7.2 Create a Dockerfile
Create the first Dockerfile
# 创建目录
[root@docker01 base]# cd /opt/base
# 创建Dcokerfile文件,注意大小写
[root@docker01 base]# vim Dockerfile
FROM centos:6.8
RUN yum install openssh-server -y
RUN echo "root:123456" |chpasswd
RUN /etc/init.d/sshd start
CMD ["/usr/sbin/sshd","-D"]
Build docker image
[root@docker01 base]# docker image build -t centos6.8-ssh .
-t 为镜像标签打标签 . 表示当前路径
Start using a self-built image
[root@docker01 base]# docker run -d -p 2022:22 centos6.8-ssh-b
dc3027d3c15dac881e8e2aeff80724216f3ac725f142daa66484f7cb5d074e7a
7.3 Install kodexplorer using Dcokerfile
Dockerfile file content
FROM centos:6.8
RUN yum install wget unzip php php-gd php-mbstring -y && yum clean all
# 设置工作目录,之后的操作都在这个目录中
WORKDIR /var/www/html/
RUN wget -c http://static.kodcloud.com/update/download/kodexplorer4.25.zip
RUN unzip kodexplorer4.25.zip && rm -f kodexplorer4.25.zip
RUN chown -R apache.apache .
CMD ["/usr/sbin/apachectl","-D","FOREGROUND"]
For more Dockerfile, please refer to the official method.
8 Image layering in Docker
Reference document: http://www.maiziedu.com/wiki/cloud/dockerimage
Docker supports the creation of new images by extending existing images.

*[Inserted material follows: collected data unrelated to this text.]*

(* Let $q\ge2$ be an integer which is not a prime power. Then the interpolated fusion ring $\mathcal{R}_q$ is not (isomorphic as a fusion ring to) the Grothendieck ring of $\mathrm{Rep}(G)$ for any finite group $G$.
   Context: $\zeta_n=\exp(2\pi i/n)$. For integer $q\ge2$, $\mathcal{R}_q$ is the commutative fusion ring whose basis is the set of rows of the formal table $T_q$ below and whose structure constants are $N_{x,y}^z=\sum_s\lambda_{x,s}\lambda_{y,s}\overline{\lambda_{z,s}}/\mathfrak{c}_s$, $\mathfrak{c}_s=\sum_x|\lambda_{x,s}|^2$ (these form a commutative fusion ring with eigentable $T_q$, i.e. $T_q$ is the table of joint eigenvalues of the fusion matrices). Table $T_q$ (rows $x_{d,c}$; entries per row listed in the column order given): Case $q$ even. Columns: $C_0$; $C_1$; $A_k$ ($1\le k\le\frac{q-2}{2}$); $B_k$ ($1\le k\le\frac q2$). Rows: $x_{1,1}$: $1,1,1,1$. $x_{q-1,c}$ ($1\le c\le \frac q2$): $q-1,\,-1,\,0,\,-\zeta_{q+1}^{kc}-\zeta_{q+1}^{-kc}$. $x_{q,1}$: $q,0,1,-1$. $x_{q+1,c}$ ($1\le c\le\frac{q-2}{2}$): $q+1,\,1,\,\zeta_{q-1}^{kc}+\zeta_{q-1}^{-kc},\,0$. Case $q\equiv-1\pmod 4$. Columns: $C_0$; $D_k$ ($k\in\{1,2\}$); $A_k$ ($1\le k\le\frac{q-3}{4}$); $B_k$ ($1\le k\le\frac{q-3}{4}$); $E$ (with $k=\frac{q+1}{4}$). Rows: $x_{1,1}$: all $1$. $x_{\frac{q-1}{2},c}$ ($c\in\{1,2\}$): $\frac{q-1}2,\ \frac{-1+i(-1)^{k+c}\sqrt q}{2},\ 0,\ (-1)^{k+1},\ (-1)^{k+1}$. $x_{q-1,c}$ ($1\le c\le\frac{q-3}4$): $q-1,\,-1,\,0,\,-\zeta_{q+1}^{2kc}-\zeta_{q+1}^{-2kc},\,-2(-1)^c$. $x_{q,1}$: $q,0,1,-1,-1$. $x_{q+1,c}$ ($1\le c\le\frac{q-3}4$): $q+1,\,1,\,\zeta_{q-1}^{2kc}+\zeta_{q-1}^{-2kc},\,0,\,0$. Case $q\equiv1\pmod4$. Columns: $C_0$; $D_k$ ($k\in\{1,2\}$); $A_k$ ($1\le k\le\frac{q-5}4$); $E$ (with $k=\frac{q-1}4$); $B_k$ ($1\le k\le\frac{q-1}4$). Rows: $x_{1,1}$: all $1$. $x_{\frac{q+1}2,c}$ ($c\in\{1,2\}$): $\frac{q+1}2,\ \frac{1+(-1)^{k+c}\sqrt q}{2},\ (-1)^k,\ (-1)^k,\ 0$. $x_{q-1,c}$ ($1\le c\le\frac{q-1}4$): $q-1,\,-1,\,0,\,0,\,-\zeta_{q+1}^{2kc}-\zeta_{q+1}^{-2kc}$. $x_{q,1}$: $q,0,1,1,-1$. $x_{q+1,c}$ ($1\le c\le\frac{q-5}4$): $q+1,\,1,\,\zeta_{q-1}^{2kc}+\zeta_{q-1}^{-2kc},\,2(-1)^c,\,0$. *)

From HB Require Import structures.
From mathcomp Require Import all_boot all_order all_algebra all_fingroup all_solvable all_field all_character.
Set Implicit Arguments. Unset Strict Implicit. Unset Printing Implicit Defensive.
Import Order.TTheory GRing.Theory Num.Theory.
Local Open Scope ring_scope.

(* zeta n = exp(2 pi i / n).  In algC, n.-root (-1) is the n-th root of -1
   with nonnegative imaginary part and maximal real part, i.e. exp(i pi / n);
   its square is exp(2 pi i / n). *)
Definition zeta (n : nat) : algC := (n.-root (-1)) ^+ 2.

Definition zsum (n m : nat) : algC := zeta n ^+ m + zeta n ^- m.

(* Row labels of T_q (basis of R_q):
   Triv = x_{1,1}; Xm c = x_{q-1,c}; Xq = x_{q,1}; Xp c = x_{q+1,c};
   Xh c = x_{(q-1)/2,c} (q = -1 mod 4) or x_{(q+1)/2,c} (q = 1 mod 4). *)
Inductive rowl := Triv | Xm of nat | Xq | Xp of nat | Xh of nat.

Inductive coll := C0 | C1 | Acol of nat | Bcol of nat | Dcol of nat | Ecol.

Lemma rowl_comparable : comparable rowl. Proof. rewrite /comparable /decidable; decide equality; apply: (@eq_comparable nat). Qed.
HB.instance Definition _ := comparableMixin rowl_comparable.
Lemma coll_comparable : comparable coll. Proof. rewrite /comparable /decidable; decide equality; apply: (@eq_comparable nat). Qed.
HB.instance Definition _ := comparableMixin coll_comparable.

Definition range1 (n : nat) : seq nat := iota 1 n.

Definition rows (q : nat) : seq rowl :=
  if ~~ odd q then
    [:: Triv] ++ map Xm (range1 (q %/ 2)%N) ++ [:: Xq] ++ map Xp (range1 ((q - 2) %/ 2)%N)
  else if (q %% 4 == 3)%N then
    [:: Triv] ++ map Xh (range1 2) ++ map Xm (range1 ((q - 3) %/ 4)%N) ++ [:: Xq]
      ++ map Xp (range1 ((q - 3) %/ 4)%N)
  else
    [:: Triv] ++ map Xh (range1 2) ++ map Xm (range1 ((q - 1) %/ 4)%N) ++ [:: Xq]
      ++ map Xp (range1 ((q - 5) %/ 4)%N).

Definition cols (q : nat) : seq coll :=
  if ~~ odd q then
    [:: C0; C1] ++ map Acol (range1 ((q - 2) %/ 2)%N) ++ map Bcol (range1 (q %/ 2)%N)
  else if (q %% 4 == 3)%N then
    [:: C0] ++ map Dcol (range1 2) ++ map Acol (range1 ((q - 3) %/ 4)%N)
      ++ map Bcol (range1 ((q - 3) %/ 4)%N) ++ [:: Ecol]
  else
    [:: C0] ++ map Dcol (range1 2) ++ map Acol (range1 ((q - 5) %/ 4)%N) ++ [:: Ecol]
      ++ map Bcol (range1 ((q - 1) %/ 4)%N).

Definition sgn (n : nat) : algC := (-1) ^+ n.

Definition lam (q : nat) (x : rowl) (s : coll) : algC :=
  if ~~ odd q then
    match x, s with
    | Triv, _ => 1
    | Xm c, C0 => (q - 1)%N%:R
    | Xm c, C1 => -1
    | Xm c, Acol k => 0
    | Xm c, Bcol k => - zsum q.+1 (k * c)%N
    | Xq, C0 => q%:R
    | Xq, C1 => 0
    | Xq, Acol k => 1
    | Xq, Bcol k => -1
    | Xp c, C0 => q.+1%:R
    | Xp c, C1 => 1
    | Xp c, Acol k => zsum (q - 1)%N (k * c)%N
    | Xp c, Bcol k => 0
    | _, _ => 0
    end
  else if (q %% 4 == 3)%N then
    match x, s with
    | Triv, _ => 1
    | Xh c, C0 => ((q - 1) %/ 2)%N%:R
    | Xh c, Dcol k => (-1 + 'i * sgn (k + c)%N * sqrtC q%:R) / 2%:R
    | Xh c, Acol k => 0
    | Xh c, Bcol k => sgn k.+1
    | Xh c, Ecol => sgn (((q + 1) %/ 4).+1)%N
    | Xm c, C0 => (q - 1)%N%:R
    | Xm c, Dcol k => -1
    | Xm c, Acol k => 0
    | Xm c, Bcol k => - zsum q.+1 (2 * k * c)%N
    | Xm c, Ecol => - (2%:R * sgn c)
    | Xq, C0 => q%:R
    | Xq, Dcol k => 0
    | Xq, Acol k => 1
    | Xq, Bcol k => -1
    | Xq, Ecol => -1
    | Xp c, C0 => q.+1%:R
    | Xp c, Dcol k => 1
    | Xp c, Acol k => zsum (q - 1)%N (2 * k * c)%N
    | Xp c, Bcol k => 0
    | Xp c, Ecol => 0
    | _, _ => 0
    end
  else
    match x, s with
    | Triv, _ => 1
    | Xh c, C0 => ((q + 1) %/ 2)%N%:R
    | Xh c, Dcol k => (1 + sgn (k + c)%N * sqrtC q%:R) / 2%:R
    | Xh c, Acol k => sgn k
    | Xh c, Ecol => sgn ((q - 1) %/ 4)%N
    | Xh c, Bcol k => 0
    | Xm c, C0 => (q - 1)%N%:R
    | Xm c, Dcol k => -1
    | Xm c, Acol k => 0
    | Xm c, Ecol => 0
    | Xm c, Bcol k => - zsum q.+1 (2 * k * c)%N
    | Xq, C0 => q%:R
    | Xq, Dcol k => 0
    | Xq, Acol k => 1
    | Xq, Ecol => 1
    | Xq, Bcol k => -1
    | Xp c, C0 => q.+1%:R
    | Xp c, Dcol k => 1
    | Xp c, Acol k => zsum (q - 1)%N (2 * k * c)%N
    | Xp c, Ecol => 2%:R * sgn c
    | Xp c, Bcol k => 0
    | _, _ => 0
    end.

Definition cnorm (q : nat) (s : coll) : algC :=
  \sum_(x <- rows q) `|lam q x s| ^+ 2.

Definition Nfus (q : nat) (x y z : rowl) : algC :=
  \sum_(s <- cols q) lam q x s * lam q y s * (lam q z s)^* / cnorm q s.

In fact, 99% of the images in Docker Hub are built by installing and configuring the required software in the base image.
As you can see from the picture above, the new image is generated by superimposing the base image layer by layer. Each time you install a piece of software, you add a layer to the existing image.

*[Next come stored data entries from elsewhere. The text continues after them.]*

Lemma markov_chain_normalized (pi0 : 'I_2 -> R) (Q : V -> 'M[R]_2) :
  \sum_(c < 2) pi0 c = 1 ->
  (forall v, v != root -> forall a, \sum_(b < 2) Q v a b = 1) ->
  \sum_(s : {ffun V -> 'I_2})
    pi0 (s root) * \prod_(v | v != root) Q v (s (parent v)) (s v) = 1.
Proof.
move=> pi0_norm Q_norm.
pose W v (s : {ffun V -> 'I_2}) :=
  if v == root then pi0 (s root) else Q v (s (parent v)) (s v).
transitivity (\sum_s \prod_(v in [set: V]) W v s).
  apply: eq_bigr => s _; rewrite [RHS](big_setD1 root) ?inE //= /W eqxx.
  by congr (_ * _); apply: eq_big => [v|v /negbTE ->]; rewrite ?inE ?andbT.
rewrite sum_prod_local_weights => [|v u s u_neq_v u_neq_pv|v s]; rewrite /W.
- rewrite sumr_const card_ffun !card_ord cardsT natrX.
  by rewrite -[_ *+ _]mulr_natl mulr1 divff // expf_neq0 // pnatr_eq0.
- case: eqP => [v_root|_]; first by rewrite flip_id // -v_root eq_sym.
  by rewrite !flip_id // eq_sym.
- case: eqP => [->|/eqP v_neq_root]; first by rewrite flip_at addr_rev_ord2.
  by rewrite flip_id ?parent_neq // flip_at addr_rev_ord2 Q_norm.
Qed.

End LocalKernels.
End Tree.

Arguments markov_chain_normalized {V root parent} tree {R pi0 Q}.

Lemma sum_subsets_prod (R : comNzRingType) (T : finType) (L : {set T}) (a b : T -> R) :
  \sum_(S : {set T} | S \subset L) \prod_(x in L) (if x \in S then a x else b x)
  = \prod_(x in L) (a x + b x).
Proof.
pose a' x := if x \in L then a x else 0; pose b' x := if x \in L then b x else 1.
have -> : \prod_(x in L) (a x + b x) = \prod_x (a' x + b' x).
  rewrite big_mkcond; apply: eq_bigr => x _.
  by rewrite /a' /b'; case: (x \in L); rewrite ?add0r.
rewrite bigA_distr big_mkcond /=; apply: eq_big => // S _.
have [SL|/subsetPn [x xS xL]] := boolP (S \subset L).
  rewrite big_mkcond; apply: eq_bigr => x _; rewrite /a' /b'.
  by case: (boolP (x \in L)) => // xL; rewrite (contraNF (subsetP SL x) xL).
by rewrite (bigD1 x) //= xS /a' (negbTE xL) mul0r.
Qed.

Section IndependentExtinction.
Variables (R : numDomainType) (V : finType) (L : {set V}) (q : V -> R).

Lemma sum_surv_prob : \sum_(S : {set V} | S \subset L) surv_prob L q S = 1.
Proof. by rewrite sum_subsets_prod big1 // => x _; rewrite subrK. Qed.

Lemma prob_survivor_in (D : pred V) :
  \sum_(S : {set V} | S \subset L)
     surv_prob L q S * (if [exists x in S, D x] then 1 else 0)
  = 1 - \prod_(x in L | D x) q x.
Proof.
pose a x := if D x then 0 else 1 - q x.
have none_survive : \sum_(S : {set V} | S \subset L)
    \prod_(x in L) (if x \in S then a x else q x) = \prod_(x in L | D x) q x.
  rewrite sum_subsets_prod big_mkcondr; apply: eq_bigr => x _.
  by rewrite /a; case: (D x); rewrite ?add0r ?subrK.
rewrite -[X in _ = X - _]sum_surv_prob -none_survive -sumrB; apply: eq_bigr => S SL.
case: existsP => [[x /andP [xS Dx]]|no_survivor].
  by rewrite (bigD1 x (subsetP SL x xS)) /= xS /a Dx mul0r subr0 mulr1.
rewrite mulr0 /surv_prob; apply/eqP; rewrite eq_sym subr_eq0; apply/eqP.
apply: eq_bigr => x _; rewrite /a; case: ifP => // xS.
by case: ifP => // Dx; case: no_survivor; exists x; rewrite xS.
Qed.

8.1 Why Docker images are layered
One of the biggest benefits of image layering is shared resources.
For example, if multiple images are built from the same base image, Docker Host only needs to save one base image on the disk; at the same time, it only needs to load one base image into the memory to serve all containers. And every layer of the image can be shared.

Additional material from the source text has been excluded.